Copy exactly the stretch of data below from the line with "split; first exact: qmap_fixed." through the line with "move=> x; rewrite neq_pole => den_neq0 far.", including both of those lines.

--- SUPPLIED DATA ---

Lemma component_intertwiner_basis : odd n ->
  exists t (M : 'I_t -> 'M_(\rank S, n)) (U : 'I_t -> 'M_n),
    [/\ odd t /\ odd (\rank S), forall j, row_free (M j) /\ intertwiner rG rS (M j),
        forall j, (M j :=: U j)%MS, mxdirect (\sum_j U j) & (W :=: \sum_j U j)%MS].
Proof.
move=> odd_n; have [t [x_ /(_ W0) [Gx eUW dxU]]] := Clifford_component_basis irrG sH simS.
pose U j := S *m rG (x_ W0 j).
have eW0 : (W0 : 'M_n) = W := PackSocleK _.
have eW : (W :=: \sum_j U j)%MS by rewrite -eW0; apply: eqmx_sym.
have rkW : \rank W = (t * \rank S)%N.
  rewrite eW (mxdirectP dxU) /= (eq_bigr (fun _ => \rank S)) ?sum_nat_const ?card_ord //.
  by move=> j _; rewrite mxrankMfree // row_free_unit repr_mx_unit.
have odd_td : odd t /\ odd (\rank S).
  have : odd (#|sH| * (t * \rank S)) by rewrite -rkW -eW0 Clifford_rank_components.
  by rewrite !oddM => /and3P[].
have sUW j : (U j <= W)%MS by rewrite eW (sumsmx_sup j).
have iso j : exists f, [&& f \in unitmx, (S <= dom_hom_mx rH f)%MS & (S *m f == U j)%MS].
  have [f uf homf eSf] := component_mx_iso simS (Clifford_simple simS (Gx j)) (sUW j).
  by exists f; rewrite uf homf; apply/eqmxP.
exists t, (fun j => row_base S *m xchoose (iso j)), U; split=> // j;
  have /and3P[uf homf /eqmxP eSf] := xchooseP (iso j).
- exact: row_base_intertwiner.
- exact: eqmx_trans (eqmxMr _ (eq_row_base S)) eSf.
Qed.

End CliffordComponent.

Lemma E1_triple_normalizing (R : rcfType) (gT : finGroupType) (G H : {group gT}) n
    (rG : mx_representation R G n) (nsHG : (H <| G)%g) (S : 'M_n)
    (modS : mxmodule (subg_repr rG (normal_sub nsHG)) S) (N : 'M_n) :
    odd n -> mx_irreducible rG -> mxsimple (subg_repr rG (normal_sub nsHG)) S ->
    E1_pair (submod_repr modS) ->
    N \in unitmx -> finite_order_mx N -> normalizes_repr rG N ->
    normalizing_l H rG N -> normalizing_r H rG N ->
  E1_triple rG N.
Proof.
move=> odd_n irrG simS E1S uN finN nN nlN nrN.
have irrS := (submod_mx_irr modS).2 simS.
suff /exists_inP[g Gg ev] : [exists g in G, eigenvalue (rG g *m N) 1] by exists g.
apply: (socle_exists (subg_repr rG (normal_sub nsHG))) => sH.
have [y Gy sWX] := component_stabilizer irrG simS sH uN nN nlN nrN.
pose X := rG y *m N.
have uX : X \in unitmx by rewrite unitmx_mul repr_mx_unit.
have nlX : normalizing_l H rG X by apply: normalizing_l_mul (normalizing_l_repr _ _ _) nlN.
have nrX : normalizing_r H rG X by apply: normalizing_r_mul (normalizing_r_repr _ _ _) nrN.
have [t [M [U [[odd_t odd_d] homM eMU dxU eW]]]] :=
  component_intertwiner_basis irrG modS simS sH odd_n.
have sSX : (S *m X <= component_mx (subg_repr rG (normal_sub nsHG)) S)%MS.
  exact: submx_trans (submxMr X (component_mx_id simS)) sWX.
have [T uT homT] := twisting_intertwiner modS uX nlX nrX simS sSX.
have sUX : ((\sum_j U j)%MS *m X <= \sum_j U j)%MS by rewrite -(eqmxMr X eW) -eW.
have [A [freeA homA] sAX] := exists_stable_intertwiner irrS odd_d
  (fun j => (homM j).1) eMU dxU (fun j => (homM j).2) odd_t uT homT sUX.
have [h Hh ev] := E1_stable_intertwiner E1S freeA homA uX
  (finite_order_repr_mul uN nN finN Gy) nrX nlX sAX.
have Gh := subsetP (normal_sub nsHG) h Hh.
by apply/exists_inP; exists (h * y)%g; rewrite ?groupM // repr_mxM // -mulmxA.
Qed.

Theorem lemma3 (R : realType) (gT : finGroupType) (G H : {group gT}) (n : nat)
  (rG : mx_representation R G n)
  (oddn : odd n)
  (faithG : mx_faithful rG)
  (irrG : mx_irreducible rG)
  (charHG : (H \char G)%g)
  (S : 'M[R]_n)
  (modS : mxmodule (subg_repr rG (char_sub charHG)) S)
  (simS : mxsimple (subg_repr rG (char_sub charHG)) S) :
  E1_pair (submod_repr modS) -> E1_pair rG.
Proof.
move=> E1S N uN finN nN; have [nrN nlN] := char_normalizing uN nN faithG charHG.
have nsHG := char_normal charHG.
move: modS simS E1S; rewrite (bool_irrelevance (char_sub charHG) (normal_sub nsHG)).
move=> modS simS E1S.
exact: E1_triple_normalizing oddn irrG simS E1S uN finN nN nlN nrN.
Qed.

---
--- SUPPLIED DATA ---

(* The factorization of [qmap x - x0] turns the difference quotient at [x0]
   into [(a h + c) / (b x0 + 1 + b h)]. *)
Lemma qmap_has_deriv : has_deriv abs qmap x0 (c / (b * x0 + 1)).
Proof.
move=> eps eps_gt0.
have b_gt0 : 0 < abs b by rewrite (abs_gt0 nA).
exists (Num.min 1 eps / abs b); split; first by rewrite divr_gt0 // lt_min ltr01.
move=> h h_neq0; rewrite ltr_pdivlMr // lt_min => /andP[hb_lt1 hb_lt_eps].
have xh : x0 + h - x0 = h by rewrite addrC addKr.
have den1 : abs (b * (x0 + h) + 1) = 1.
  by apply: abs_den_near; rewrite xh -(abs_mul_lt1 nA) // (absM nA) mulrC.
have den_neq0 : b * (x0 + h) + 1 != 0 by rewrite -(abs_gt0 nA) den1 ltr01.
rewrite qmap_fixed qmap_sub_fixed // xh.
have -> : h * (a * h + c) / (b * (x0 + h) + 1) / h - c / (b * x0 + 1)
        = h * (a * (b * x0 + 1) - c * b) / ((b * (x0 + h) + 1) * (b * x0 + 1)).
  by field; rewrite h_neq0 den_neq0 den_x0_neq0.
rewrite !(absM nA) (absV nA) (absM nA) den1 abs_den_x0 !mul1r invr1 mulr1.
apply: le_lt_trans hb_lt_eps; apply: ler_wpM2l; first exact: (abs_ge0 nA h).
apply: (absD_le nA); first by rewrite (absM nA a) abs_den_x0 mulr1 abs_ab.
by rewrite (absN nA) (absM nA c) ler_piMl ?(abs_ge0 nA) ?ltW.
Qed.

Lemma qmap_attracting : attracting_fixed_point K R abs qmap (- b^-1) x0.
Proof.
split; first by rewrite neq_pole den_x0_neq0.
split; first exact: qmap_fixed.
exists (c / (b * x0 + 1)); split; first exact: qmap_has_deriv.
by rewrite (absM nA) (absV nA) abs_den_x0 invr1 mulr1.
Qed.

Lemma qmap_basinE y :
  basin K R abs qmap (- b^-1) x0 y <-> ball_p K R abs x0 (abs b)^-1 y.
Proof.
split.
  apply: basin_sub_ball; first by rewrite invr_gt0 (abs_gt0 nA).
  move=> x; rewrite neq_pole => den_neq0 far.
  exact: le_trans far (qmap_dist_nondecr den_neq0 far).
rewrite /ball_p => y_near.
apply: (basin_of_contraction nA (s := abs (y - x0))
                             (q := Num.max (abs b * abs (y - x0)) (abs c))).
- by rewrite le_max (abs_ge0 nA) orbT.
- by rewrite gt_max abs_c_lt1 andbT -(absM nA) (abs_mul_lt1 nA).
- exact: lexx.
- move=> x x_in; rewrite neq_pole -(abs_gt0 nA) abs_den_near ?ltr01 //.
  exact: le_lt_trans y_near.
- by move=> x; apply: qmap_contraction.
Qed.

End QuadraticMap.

---

WRITTEN ANSWER:
split; first exact: qmap_fixed.
exists (c / (b * x0 + 1)); split; first exact: qmap_has_deriv.
by rewrite (absM nA) (absV nA) abs_den_x0 invr1 mulr1.
Qed.

Lemma qmap_basinE y :
  basin K R abs qmap (- b^-1) x0 y <-> ball_p K R abs x0 (abs b)^-1 y.
Proof.
split.
  apply: basin_sub_ball; first by rewrite invr_gt0 (abs_gt0 nA).
  move=> x; rewrite neq_pole => den_neq0 far.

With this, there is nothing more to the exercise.